Joining the reference data

In this case, we need to use inner_join to merge the unique district number to its actual name that we can work with later.

sped_joined <- dref |>
  inner_join(dstud, by = "district")

sped_joined |> head()

Let’s glimpse() your new data so you can see all the columns have been added.
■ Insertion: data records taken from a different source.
(* Let $k$ be a field and $\mu=\nu=(4,2)$. Then the matrix problem $\mathcal{P}_k(\mu,\nu)$ has at least $|k^\times|$ orbits; in particular it has infinitely many orbits whenever $k$ is infinite (i.e. it is of infinite type).
   Context: For partitions $\mu$ of $m$ and $\nu$ of $n$ and a field $k$, the matrix problem $\mathcal{P}_k(\mu,\nu)$ is the action of the group $C_{GL_m(k)}(J_\mu(0)) \times C_{GL_n(k)}(J_\nu(0))$ on the quotient space $Q = M_{m,n}(k)/\{wJ_\nu(0) - J_\mu(0)w : w\in M_{m,n}(k)\}$ given by $(X,Y)\cdot[v] = [XvY^{-1}]$. Here $J_r(0)$ is the $r\times r$ matrix with $1$ in each $(i+1,i)$ entry and $0$ elsewhere, and $J_\mu(0) = \bigoplus_i J_{\mu_i}(0)$. (Equivalently, $Q$ is the space of $s\times t$ matrices with $(i,j)$ entry in $k[x]/(x^{\min(\mu_i,\nu_j)})$, acted on by the unit groups of $k[x]_\mu$ and $k[x]_\nu$.) *)

From mathcomp Require Import all_boot all_order all_algebra.
Set Implicit Arguments. Unset Strict Implicit. Unset Printing Implicit Defensive.
Import GRing.Theory.
Local Open Scope ring_scope.

Definition Jblock (k : fieldType) (r : nat) : 'M[k]_r :=
  \matrix_(i < r, j < r) (if i == j.+1 :> nat then 1 else 0).

Fixpoint Jmu (k : fieldType) (mu : seq nat) : 'M[k]_(sumn mu) :=
  match mu return 'M[k]_(sumn mu) with
  | [::] => 0
  | r :: mu' => block_mx (Jblock k r) 0 0 (Jmu k mu')
  end.

Definition in_centralizerGL (k : fieldType) (mu : seq nat)
  (X : 'M[k]_(sumn mu)) : Prop :=
  X \in unitmx /\ X *m Jmu k mu = Jmu k mu *m X.

(* [v] = [v'] in Q = M_{m,n}(k) / { w J_nu(0) - J_mu(0) w }. *)
Definition Qeq (k : fieldType) (mu nu : seq nat)
  (v v' : 'M[k]_(sumn mu, sumn nu)) : Prop :=
  exists w : 'M[k]_(sumn mu, sumn nu), v - v' = w *m Jmu k nu - Jmu k mu *m w.

Definition same_orbit (k : fieldType) (mu nu : seq nat)
  (v v' : 'M[k]_(sumn mu, sumn nu)) : Prop :=
  exists (X : 'M[k]_(sumn mu)) (Y : 'M[k]_(sumn nu)),
    [/\ @in_centralizerGL k mu X, @in_centralizerGL k nu Y &
        @Qeq k mu nu (X *m v *m invmx Y) v'].

From mathcomp Require Import all_boot all_order all_algebra.
From mathcomp Require Import ring.
Set Implicit Arguments.
Unset Strict Implicit.
Unset Printing Implicit Defensive.
Import GRing.Theory.
Local Open Scope ring_scope.

(* Every element of the centralizer of J = J_(4,2)(0) is block lower-triangular
   Toeplitz.  Using this, a direct computation shows that on the stratum of Q
   where a0 = a1 = b0 = c0 = 0 (coordinates as in qlow and qtop below), the
   action of (X, Y) multiplies a2, b1, c1, d0 by x y, x' y, x y', x' y', where
   x, x' (resp. y, y') are the diagonal entries of the two blocks of X
   (resp. Y^-1).  Hence a2 d0 / (b1 c1) is an orbit invariant, and it takes
   every value in k. *)

Lemma comm_mx_invmx (R : comUnitRingType) n (A X : 'M[R]_n) :
  X \in unitmx -> comm_mx X A -> comm_mx (invmx X) A.
Proof.
rewrite /comm_mx => uX cXA.
by rewrite -[LHS]mulmx1 -(mulmxV uX) !mulmxA -(mulmxA _ A) -cXA !mulmxA mulVmx // mul1mx.
Qed.

Definition o0 : 'I_6 := @Ordinal 6 0 isT.
Definition o1 : 'I_6 := @Ordinal 6 1 isT.
Definition o2 : 'I_6 := @Ordinal 6 2 isT.
Definition o3 : 'I_6 := @Ordinal 6 3 isT.
Definition o4 : 'I_6 := @Ordinal 6 4 isT.
Definition o5 : 'I_6 := @Ordinal 6 5 isT.

Lemma sum_ord6 (V : nmodType) (F : 'I_6 -> V) :
  \sum_(i < 6) F i = F o0 + F o1 + F o2 + F o3 + F o4 + F o5.
Proof.
rewrite !big_ord_recl big_ord0 addr0 !addrA.
by repeat congr (_ + _); congr F; apply: val_inj.
Qed.

Lemma ord6_ind (P : 'I_6 -> Prop) :
  P o0 -> P o1 -> P o2 -> P o3 -> P o4 -> P o5 -> forall i, P i.
Proof.
move=> P0 P1 P2 P3 P4 P5 [[|[|[|[|[|[|//]]]]]] lti];
  by rewrite (bool_irrelevance lti isT).
Qed.

Section Partition42.
Variable k : fieldType.
Local Notation M6 := 'M[k]_6.

Definition J42 : M6 :=
  \matrix_(i, j) (if (i == j.+1 :> nat) && (i != 4 :> nat) then 1 else 0).

Lemma Jmu42E : Jmu k [:: 4%N; 2%N] = J42.
Proof.
apply/matrixP => i j; rewrite /= !mxE.
case: splitP => [i1 -> | i2 ->]; rewrite !mxE; case: splitP => [j1 -> | j2 ->]; rewrite ?mxE.
- by case: i1 => [[|[|[|[|?]]]] ?] //; case: j1 => [[|[|[|[|?]]]] ?].
- by case: i1 => [[|[|[|[|?]]]] ?] //; case: j2 => [[|[|?]] ?].
- case: (splitP i2) => [i3 -> | i3]; rewrite ?mxE; last by case: i3.
  by case: i3 => [[|[|?]] ?] //; case: j1 => [[|[|[|[|?]]]] ?].
- case: (splitP i2) => [i3 -> | i3]; rewrite ?mxE; last by case: i3.
  case: (splitP j2) => [j3 -> | j3]; rewrite ?mxE; last by case: j3.
  by case: i3 => [[|[|?]] ?] //; case: j3 => [[|[|?]] ?].
Qed.

Definition cent42 (x0 x1 x2 x3 y0 y1 z0 z1 t0 t1 : k) : M6 :=
  \matrix_(i, j)
   match (i : nat), (j : nat) with
   | 0, 0 => x0
   | 1, 0 => x1 | 1, 1 => x0
   | 2, 0 => x2 | 2, 1 => x1 | 2, 2 => x0 | 2, 4 => y0
   | 3, 0 => x3 | 3, 1 => x2 | 3, 2 => x1 | 3, 3 => x0 | 3, 4 => y1 | 3, 5 => y0
   | 4, 0 => z0 | 4, 4 => t0
   | 5, 0 => z1 | 5, 1 => z0 | 5, 4 => t1 | 5, 5 => t0
   | _, _ => 0
   end.

Lemma mulmx_J42 m (X : 'M[k]_(m, 6)) : X *m J42 = \matrix_(i, j)
  match (j : nat) with 0 => X i o1 | 1 => X i o2 | 2 => X i o3 | 4 => X i o5 | _ => 0 end.
Proof.
apply/matrixP => i; apply: ord6_ind;
  by rewrite !mxE sum_ord6 !mxE /= ?(mulr0, mulr1, addr0, add0r).
Qed.

Lemma mul_J42mx n (X : 'M[k]_(6, n)) : J42 *m X = \matrix_(i, j)
  match (i : nat) with 1 => X o0 j | 2 => X o1 j | 3 => X o2 j | 5 => X o4 j | _ => 0 end.
Proof.
apply/matrixP; apply: ord6_ind => j;
  by rewrite !mxE sum_ord6 !mxE /= ?(mul0r, mul1r, addr0, add0r).
Qed.

Lemma comm_J42E (X : M6) : comm_mx X J42 ->
  X = cent42 (X o0 o0) (X o1 o0) (X o2 o0) (X o3 o0) (X o2 o4) (X o3 o4)
             (X o4 o0) (X o5 o0) (X o4 o4) (X o5 o4).
Proof.
rewrite /comm_mx mulmx_J42 mul_J42mx => cX.
have E i j := congr1 (fun M : M6 => M i j) cX.
move: (E o0 o0) (E o0 o1) (E o0 o2) (E o0 o3) (E o0 o4) (E o0 o5)
      (E o1 o0) (E o1 o1) (E o1 o2) (E o1 o3) (E o1 o4) (E o1 o5)
      (E o2 o0) (E o2 o1) (E o2 o2) (E o2 o3) (E o2 o4) (E o2 o5)
      (E o3 o0) (E o3 o1) (E o3 o2) (E o3 o3) (E o3 o4) (E o3 o5)
      (E o4 o0) (E o4 o1) (E o4 o2) (E o4 o3) (E o4 o4) (E o4 o5)
      (E o5 o0) (E o5 o1) (E o5 o2) (E o5 o3) (E o5 o4) (E o5 o5).
rewrite !mxE /= => *.
by apply/matrixP; apply: ord6_ind; apply: ord6_ind; rewrite mxE /=; congruence.
Qed.

(* Superdiagonal sums of the blocks of v, starting from the top-right corner.
   In the k[x]-description of Q, with entries a, b, c, d in positions (1,1),
   (2,1), (1,2), (2,2), the coordinates a_r, b_r, c_r, d_r are the coefficients
   of x^r; they vanish on w J - J w (qcoef_Qeq). *)
Definition qlow (v : M6) : k * k * k * k :=
  (v o0 o3, v o0 o2 + v o1 o3, v o4 o3, v o0 o5).

Definition qtop (v : M6) : k * k * k * k :=
  (v o0 o1 + v o1 o2 + v o2 o3, v o4 o2 + v o5 o3, v o0 o4 + v o1 o5, v o4 o5).

Lemma qcoef_Qeq (v v' w : M6) : v - v' = w *m J42 - J42 *m w ->
  qlow v = qlow v' /\ qtop v = qtop v'.
Proof.
move=> vv'; rewrite -[v](subrK v') vv' /qlow /qtop mulmx_J42 mul_J42mx !mxE /=.
by split; congr (_, _, _, _); ring.
Qed.

Lemma mulmx3_matrixE (f g : 'I_6 -> 'I_6 -> k) (u : M6) i j :
  (\matrix_(i, j) f i j *m u *m \matrix_(i, j) g i j) i j =
  let fu l := f i o0 * u o0 l + f i o1 * u o1 l + f i o2 * u o2 l +
              f i o3 * u o3 l + f i o4 * u o4 l + f i o5 * u o5 l in
  fu o0 * g o0 j + fu o1 * g o1 j + fu o2 * g o2 j +
  fu o3 * g o3 j + fu o4 * g o4 j + fu o5 * g o5 j.
Proof. by rewrite mxE sum_ord6 !mxE !sum_ord6 !mxE. Qed.

Lemma qlow_act (X W u : M6) : comm_mx X J42 -> comm_mx W J42 ->
  qlow u = (0, 0, 0, 0) -> qlow (X *m u *m W) = (0, 0, 0, 0).
Proof.
move=> /comm_J42E -> /comm_J42E -> [u03 /addr0_eq u13 u43 u05].
rewrite /qlow /cent42 !mulmx3_matrixE /=.
by rewrite -u13 u03 u43 u05; congr (_, _, _, _); ring.
Qed.

Lemma qtop_act (X W u : M6) a b c d : comm_mx X J42 -> comm_mx W J42 ->
  qlow u = (0, 0, 0, 0) -> qtop u = (a, b, c, d) ->
  qtop (X *m u *m W) = (X o0 o0 * W o0 o0 * a, X o4 o4 * W o0 o0 * b,
                        X o0 o0 * W o4 o4 * c, X o4 o4 * W o4 o4 * d).
Proof.
move=> /comm_J42E -> /comm_J42E -> [u03 /addr0_eq u13 u43 u05] [<- <- <- <-].
rewrite /qtop /cent42 !mulmx3_matrixE !mxE /=.
by rewrite -u13 u03 u43 u05; congr (_, _, _, _); ring.
Qed.

Lemma comm_J42_unit_diag (X : M6) : X \in unitmx -> comm_mx X J42 ->
  (X o0 o0 != 0) && (X o4 o4 != 0).
Proof.
move=> uX cX; move: (mulmxV uX) (comm_mx_invmx uX cX); set Y := invmx X => XY cY.
have e i := congr1 (fun M : M6 => M i i) XY.
move: (e o0) (e o4); rewrite (comm_J42E cX) (comm_J42E cY) /cent42 !(mxE, sum_ord6) /=.
rewrite ?(mulr0, mul0r, addr0, add0r) => e0 e4.
have : (X o0 o0 * Y o0 o0 != 0) && (X o4 o4 * Y o4 o4 != 0) by rewrite e0 e4 oner_neq0.
by rewrite !mulf_eq0 !negb_or => /andP[/andP[-> _] /andP[-> _]].
Qed.

(* Junk value 0 off the stratum qlow = 0 (and, by x / 0 = 0, when b c = 0). *)
Definition orbit_param (v : M6) : k :=
  if qlow v == (0, 0, 0, 0) then let: (a, b, c, d) := qtop v in a * d / (b * c)
  else 0.

Lemma orbit_param_stratum (v : M6) a b c d :
  qlow v = (0, 0, 0, 0) -> qtop v = (a, b, c, d) -> orbit_param v = a * d / (b * c).
Proof. by rewrite /orbit_param => -> ->; rewrite eqxx. Qed.

Lemma orbit_param_Qeq (v v' w : M6) : v - v' = w *m J42 - J42 *m w ->
  orbit_param v = orbit_param v'.
Proof. by case/qcoef_Qeq; rewrite /orbit_param => -> ->. Qed.

Lemma orbit_param_act (X W u : M6) :
  X \in unitmx -> comm_mx X J42 -> W \in unitmx -> comm_mx W J42 ->
  orbit_param (X *m u *m W) = orbit_param u.
Proof.
move=> uX cX uW cW.
have [u0 | u0] := eqVneq (qlow u) (0, 0, 0, 0); last first.
  have XuW0 : qlow (X *m u *m W) != (0, 0, 0, 0).
    apply: contra u0 => /eqP/(qlow_act (comm_mx_invmx uX cX) (comm_mx_invmx uW cW)).
    by rewrite !mulmxA mulVmx // mul1mx -mulmxA mulmxV // mulmx1 => ->.
  by rewrite /orbit_param (negbTE u0) (negbTE XuW0).
case ut : (qtop u) => [[[a b] c] d].
rewrite (orbit_param_stratum (qlow_act cX cW u0) (qtop_act cX cW u0 ut)).
rewrite (orbit_param_stratum u0 ut).
have /andP[x0 x4] := comm_J42_unit_diag uX cX.
have /andP[w0 w4] := comm_J42_unit_diag uW cW.
set p := X o0 o0 * X o4 o4 * W o0 o0 * W o4 o4.
have -> : X o0 o0 * W o0 o0 * a * (X o4 o4 * W o4 o4 * d) = p * (a * d) by rewrite /p; ring.
have -> : X o4 o4 * W o0 o0 * b * (X o0 o0 * W o4 o4 * c) = p * (b * c) by rewrite /p; ring.
by rewrite -mulf_div divff ?mul1r // !mulf_neq0.
Qed.

Lemma orbit_param_same_orbit (u v : 'M[k]_(sumn [:: 4%N; 2%N])) :
  same_orbit u v -> orbit_param u = orbit_param v.
Proof.
case=> X [Y [[uX cX] [uY cY] [w]]]; rewrite Jmu42E in cX cY * => Qv.
rewrite -(orbit_param_Qeq Qv) orbit_param_act //.
  by rewrite unitmx_inv.
exact: comm_mx_invmx.
Qed.

Definition orbit_rep (a : k) : M6 := \matrix_(i, j)
  match (i : nat), (j : nat) with 0, 1 | 4, 2 | 0, 4 => 1 | 4, 5 => a | _, _ => 0 end.

Lemma orbit_param_rep a : orbit_param (orbit_rep a) = a.
Proof.
rewrite (@orbit_param_stratum _ 1 1 1 a).
- by rewrite mul1r mulr1 divr1.
- by rewrite /qlow !mxE /= addr0.
- by rewrite /qtop !mxE /= !(addr0, add0r).
Qed.

End Partition42.

Theorem mainTheorem7 (k : fieldType) :
  (exists f : k -> 'M[k]_(sumn [:: 4%N; 2%N], sumn [:: 4%N; 2%N]),
     forall a b : k, a != 0 -> b != 0 ->
       @same_orbit k [:: 4%N; 2%N] [:: 4%N; 2%N] (f a) (f b) -> a = b)
  /\
  ((forall s : seq k, exists x : k, x \notin s) ->
   forall s : seq 'M[k]_(sumn [:: 4%N; 2%N], sumn [:: 4%N; 2%N]),
     exists v, forall u, u \in s -> ~ @same_orbit k [:: 4%N; 2%N] [:: 4%N; 2%N] u v).
Proof.
split=> [|k_infinite s].
  by exists (@orbit_rep k) => a b _ _ /orbit_param_same_orbit; rewrite !orbit_param_rep.
have [a a_new] := k_infinite [seq orbit_param u | u <- s].
exists (orbit_rep a) => u su /orbit_param_same_orbit; rewrite orbit_param_rep => ua.
by rewrite -ua map_f in a_new.
Qed.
There should be 13087 rows of joined data.

sped_joined |> glimpse()

Rows: 13,087
Columns: 9
$ district <chr> "001902", "001902", "001902", "001902", "001902", "001902", "…
$ cntyname <chr> "ANDERSON", "ANDERSON", "ANDERSON", "ANDERSON", "ANDERSON", "…
$ distname <chr> "CAYUGA ISD", "CAYUGA ISD", "CAYUGA ISD", "CAYUGA ISD", "CAYU…
$ dflchart <chr> "N", "N", "N", "N", "N", "N", "N", "N", "N", "N", "N", "N", "…
$ dflalted <chr> "N", "N", "N", "N", "N", "N", "N", "N", "N", "N", "N", "N", "…
$ dpetallc <dbl> 595, 553, 577, 568, 576, 575, 564, 557, 535, 574, 593, 1236, …
$ dpetspec <dbl> 73, 76, 76, 78, 82, 83, 84, 82, 78, 84, 83, 113, 107, 126, 14…
$ dpetspep <dbl> 12.3, 13.7, 13.2, 13.7, 14.2, 14.4, 14.9, 14.7, 14.6, 14.6, 1…
$ year     <chr> "2013", "2014", "2015", "2016", "2017", "2018", "2019", "2020…

Cleaning the data

In this section we will filter, select, and remove certain columns to focus on traditional schools in our analysis. We will also remove and rename columns to make them more descriptive.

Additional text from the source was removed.